- Data under study:
>>>>
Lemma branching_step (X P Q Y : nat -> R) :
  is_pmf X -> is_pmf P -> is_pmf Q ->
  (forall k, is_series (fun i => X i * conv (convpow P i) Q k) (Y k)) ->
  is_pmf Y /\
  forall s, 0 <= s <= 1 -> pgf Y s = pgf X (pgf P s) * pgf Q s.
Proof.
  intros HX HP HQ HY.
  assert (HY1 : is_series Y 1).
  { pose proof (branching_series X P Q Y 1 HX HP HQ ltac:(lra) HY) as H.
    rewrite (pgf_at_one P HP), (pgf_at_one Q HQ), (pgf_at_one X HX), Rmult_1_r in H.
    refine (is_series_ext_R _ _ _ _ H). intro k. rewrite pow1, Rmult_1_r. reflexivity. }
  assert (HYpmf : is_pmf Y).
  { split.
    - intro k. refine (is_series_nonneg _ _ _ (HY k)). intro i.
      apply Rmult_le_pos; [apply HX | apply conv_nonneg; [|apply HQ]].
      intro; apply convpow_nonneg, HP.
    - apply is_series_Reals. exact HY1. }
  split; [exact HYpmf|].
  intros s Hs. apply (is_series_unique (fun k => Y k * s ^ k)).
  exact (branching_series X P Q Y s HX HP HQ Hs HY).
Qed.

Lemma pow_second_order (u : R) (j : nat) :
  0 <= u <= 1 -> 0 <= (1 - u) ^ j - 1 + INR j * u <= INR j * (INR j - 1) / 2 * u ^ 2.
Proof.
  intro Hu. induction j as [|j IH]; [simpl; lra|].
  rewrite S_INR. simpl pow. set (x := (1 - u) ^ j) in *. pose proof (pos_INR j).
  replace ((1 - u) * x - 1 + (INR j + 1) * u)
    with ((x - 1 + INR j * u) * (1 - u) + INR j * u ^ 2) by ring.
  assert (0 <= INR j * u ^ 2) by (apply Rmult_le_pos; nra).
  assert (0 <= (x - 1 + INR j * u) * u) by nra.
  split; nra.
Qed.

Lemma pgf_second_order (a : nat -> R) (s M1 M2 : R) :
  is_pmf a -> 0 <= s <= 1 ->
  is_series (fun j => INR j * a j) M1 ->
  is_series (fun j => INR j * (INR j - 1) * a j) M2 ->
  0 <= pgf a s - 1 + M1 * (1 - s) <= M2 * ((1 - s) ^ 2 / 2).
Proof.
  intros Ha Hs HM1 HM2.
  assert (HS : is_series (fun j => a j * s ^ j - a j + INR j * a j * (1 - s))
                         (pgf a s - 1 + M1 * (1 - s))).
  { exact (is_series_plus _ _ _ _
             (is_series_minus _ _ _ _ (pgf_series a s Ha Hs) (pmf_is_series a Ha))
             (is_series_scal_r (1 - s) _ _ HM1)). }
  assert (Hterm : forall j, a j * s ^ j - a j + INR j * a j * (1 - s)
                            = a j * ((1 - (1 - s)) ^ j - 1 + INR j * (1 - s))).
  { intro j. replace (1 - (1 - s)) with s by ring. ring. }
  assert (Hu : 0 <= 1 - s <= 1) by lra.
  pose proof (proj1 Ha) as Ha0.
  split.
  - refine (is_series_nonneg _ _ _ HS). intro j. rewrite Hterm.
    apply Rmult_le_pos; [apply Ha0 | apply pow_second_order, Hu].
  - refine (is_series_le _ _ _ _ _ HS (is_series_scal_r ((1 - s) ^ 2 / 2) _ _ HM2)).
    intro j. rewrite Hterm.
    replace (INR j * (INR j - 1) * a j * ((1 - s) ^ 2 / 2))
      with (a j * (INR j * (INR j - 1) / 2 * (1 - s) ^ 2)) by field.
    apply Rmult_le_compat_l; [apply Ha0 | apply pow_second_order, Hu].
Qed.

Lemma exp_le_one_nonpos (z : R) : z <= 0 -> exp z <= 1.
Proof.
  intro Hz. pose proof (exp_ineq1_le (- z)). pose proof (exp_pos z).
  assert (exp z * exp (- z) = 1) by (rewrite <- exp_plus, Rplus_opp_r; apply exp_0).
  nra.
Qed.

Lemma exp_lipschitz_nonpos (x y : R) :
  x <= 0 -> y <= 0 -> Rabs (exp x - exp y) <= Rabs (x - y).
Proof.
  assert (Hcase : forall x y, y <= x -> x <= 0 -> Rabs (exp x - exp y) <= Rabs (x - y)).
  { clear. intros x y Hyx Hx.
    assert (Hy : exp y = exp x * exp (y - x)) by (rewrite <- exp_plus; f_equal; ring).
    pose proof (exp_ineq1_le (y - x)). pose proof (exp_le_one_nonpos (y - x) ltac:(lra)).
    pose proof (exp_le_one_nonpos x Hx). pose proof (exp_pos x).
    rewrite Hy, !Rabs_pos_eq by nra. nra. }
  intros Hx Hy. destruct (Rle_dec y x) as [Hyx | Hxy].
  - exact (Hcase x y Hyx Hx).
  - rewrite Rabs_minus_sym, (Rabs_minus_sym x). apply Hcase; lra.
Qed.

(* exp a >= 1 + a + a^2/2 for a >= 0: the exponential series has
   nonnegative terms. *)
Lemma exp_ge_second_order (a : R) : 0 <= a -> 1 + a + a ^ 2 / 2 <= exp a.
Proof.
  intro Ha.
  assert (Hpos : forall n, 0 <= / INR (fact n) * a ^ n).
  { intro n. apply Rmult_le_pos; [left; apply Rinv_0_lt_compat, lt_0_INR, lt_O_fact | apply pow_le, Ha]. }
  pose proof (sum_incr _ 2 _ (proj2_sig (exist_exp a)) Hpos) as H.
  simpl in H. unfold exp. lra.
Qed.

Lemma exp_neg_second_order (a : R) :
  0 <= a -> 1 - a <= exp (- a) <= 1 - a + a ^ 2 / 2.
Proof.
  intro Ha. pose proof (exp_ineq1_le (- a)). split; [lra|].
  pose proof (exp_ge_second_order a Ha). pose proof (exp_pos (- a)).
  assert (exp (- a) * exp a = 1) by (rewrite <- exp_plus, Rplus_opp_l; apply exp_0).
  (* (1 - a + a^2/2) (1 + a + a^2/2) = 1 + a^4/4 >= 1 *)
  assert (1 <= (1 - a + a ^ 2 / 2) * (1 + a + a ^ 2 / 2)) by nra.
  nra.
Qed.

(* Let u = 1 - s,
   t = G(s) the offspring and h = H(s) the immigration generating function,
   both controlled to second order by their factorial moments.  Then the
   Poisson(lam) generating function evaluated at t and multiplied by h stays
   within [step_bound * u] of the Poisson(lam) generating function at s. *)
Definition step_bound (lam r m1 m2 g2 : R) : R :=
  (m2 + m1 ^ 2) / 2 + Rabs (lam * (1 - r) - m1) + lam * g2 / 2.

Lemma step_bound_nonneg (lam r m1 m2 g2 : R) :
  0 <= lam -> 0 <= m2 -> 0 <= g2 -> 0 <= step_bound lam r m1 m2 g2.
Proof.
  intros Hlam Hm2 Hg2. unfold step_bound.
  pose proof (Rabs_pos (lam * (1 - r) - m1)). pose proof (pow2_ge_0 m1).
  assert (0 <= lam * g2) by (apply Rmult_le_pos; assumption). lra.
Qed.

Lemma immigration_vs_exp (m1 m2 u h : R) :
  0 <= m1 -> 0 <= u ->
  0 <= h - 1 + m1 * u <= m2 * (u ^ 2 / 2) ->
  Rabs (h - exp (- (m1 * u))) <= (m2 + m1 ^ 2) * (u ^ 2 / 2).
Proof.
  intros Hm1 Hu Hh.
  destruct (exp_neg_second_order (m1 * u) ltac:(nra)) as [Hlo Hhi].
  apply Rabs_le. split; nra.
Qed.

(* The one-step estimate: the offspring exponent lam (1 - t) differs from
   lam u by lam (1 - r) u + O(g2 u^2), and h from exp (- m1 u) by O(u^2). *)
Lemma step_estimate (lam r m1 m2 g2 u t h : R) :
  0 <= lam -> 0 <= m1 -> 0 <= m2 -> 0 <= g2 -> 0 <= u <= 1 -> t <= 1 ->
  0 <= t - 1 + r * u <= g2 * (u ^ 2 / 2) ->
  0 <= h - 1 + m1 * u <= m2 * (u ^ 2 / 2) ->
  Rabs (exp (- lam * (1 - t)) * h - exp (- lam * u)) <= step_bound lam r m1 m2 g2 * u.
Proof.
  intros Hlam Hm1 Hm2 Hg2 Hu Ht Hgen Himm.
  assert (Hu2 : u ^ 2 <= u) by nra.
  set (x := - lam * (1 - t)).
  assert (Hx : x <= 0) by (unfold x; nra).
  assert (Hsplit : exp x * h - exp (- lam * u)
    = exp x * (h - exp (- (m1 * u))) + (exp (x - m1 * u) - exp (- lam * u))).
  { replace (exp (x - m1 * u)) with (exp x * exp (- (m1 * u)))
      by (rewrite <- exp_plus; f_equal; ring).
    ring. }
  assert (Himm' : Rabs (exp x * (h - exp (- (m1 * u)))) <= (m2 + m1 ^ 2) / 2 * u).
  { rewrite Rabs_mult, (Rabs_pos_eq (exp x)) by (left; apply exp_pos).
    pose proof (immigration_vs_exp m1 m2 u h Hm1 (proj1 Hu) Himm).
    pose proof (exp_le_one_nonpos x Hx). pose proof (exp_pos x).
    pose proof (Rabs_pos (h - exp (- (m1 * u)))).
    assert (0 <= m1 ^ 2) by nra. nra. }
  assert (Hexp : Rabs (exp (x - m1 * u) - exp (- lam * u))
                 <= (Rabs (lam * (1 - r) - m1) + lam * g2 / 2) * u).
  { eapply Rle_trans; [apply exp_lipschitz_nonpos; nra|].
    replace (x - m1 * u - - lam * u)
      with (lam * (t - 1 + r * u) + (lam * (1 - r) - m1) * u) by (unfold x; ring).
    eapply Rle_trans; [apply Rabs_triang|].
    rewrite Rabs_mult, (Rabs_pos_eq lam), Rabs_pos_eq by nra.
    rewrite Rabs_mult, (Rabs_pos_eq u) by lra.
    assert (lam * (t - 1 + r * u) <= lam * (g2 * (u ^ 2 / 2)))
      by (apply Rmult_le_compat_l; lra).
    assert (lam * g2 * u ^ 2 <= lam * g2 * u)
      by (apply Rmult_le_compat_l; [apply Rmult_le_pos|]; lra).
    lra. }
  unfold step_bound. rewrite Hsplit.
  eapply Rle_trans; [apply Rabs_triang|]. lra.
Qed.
<<<<
- Task: Keep both end lines and retype everything in the records above from the line containing "x <= 0 -> y <= 0 -> Rabs" through the line containing "(* Let u = 1", exactly, with nothing else.

- Solution to this exercise:
  x <= 0 -> y <= 0 -> Rabs (exp x - exp y) <= Rabs (x - y).
Proof.
  assert (Hcase : forall x y, y <= x -> x <= 0 -> Rabs (exp x - exp y) <= Rabs (x - y)).
  { clear. intros x y Hyx Hx.
    assert (Hy : exp y = exp x * exp (y - x)) by (rewrite <- exp_plus; f_equal; ring).
    pose proof (exp_ineq1_le (y - x)). pose proof (exp_le_one_nonpos (y - x) ltac:(lra)).
    pose proof (exp_le_one_nonpos x Hx). pose proof (exp_pos x).
    rewrite Hy, !Rabs_pos_eq by nra. nra. }
  intros Hx Hy. destruct (Rle_dec y x) as [Hyx | Hxy].
  - exact (Hcase x y Hyx Hx).
  - rewrite Rabs_minus_sym, (Rabs_minus_sym x). apply Hcase; lra.
Qed.

(* exp a >= 1 + a + a^2/2 for a >= 0: the exponential series has
   nonnegative terms. *)
Lemma exp_ge_second_order (a : R) : 0 <= a -> 1 + a + a ^ 2 / 2 <= exp a.
Proof.
  intro Ha.
  assert (Hpos : forall n, 0 <= / INR (fact n) * a ^ n).
  { intro n. apply Rmult_le_pos; [left; apply Rinv_0_lt_compat, lt_0_INR, lt_O_fact | apply pow_le, Ha]. }
  pose proof (sum_incr _ 2 _ (proj2_sig (exist_exp a)) Hpos) as H.
  simpl in H. unfold exp. lra.
Qed.

Lemma exp_neg_second_order (a : R) :
  0 <= a -> 1 - a <= exp (- a) <= 1 - a + a ^ 2 / 2.
Proof.
  intro Ha. pose proof (exp_ineq1_le (- a)). split; [lra|].
  pose proof (exp_ge_second_order a Ha). pose proof (exp_pos (- a)).
  assert (exp (- a) * exp a = 1) by (rewrite <- exp_plus, Rplus_opp_l; apply exp_0).
  (* (1 - a + a^2/2) (1 + a + a^2/2) = 1 + a^4/4 >= 1 *)
  assert (1 <= (1 - a + a ^ 2 / 2) * (1 + a + a ^ 2 / 2)) by nra.
  nra.
Qed.

(* Let u = 1 - s,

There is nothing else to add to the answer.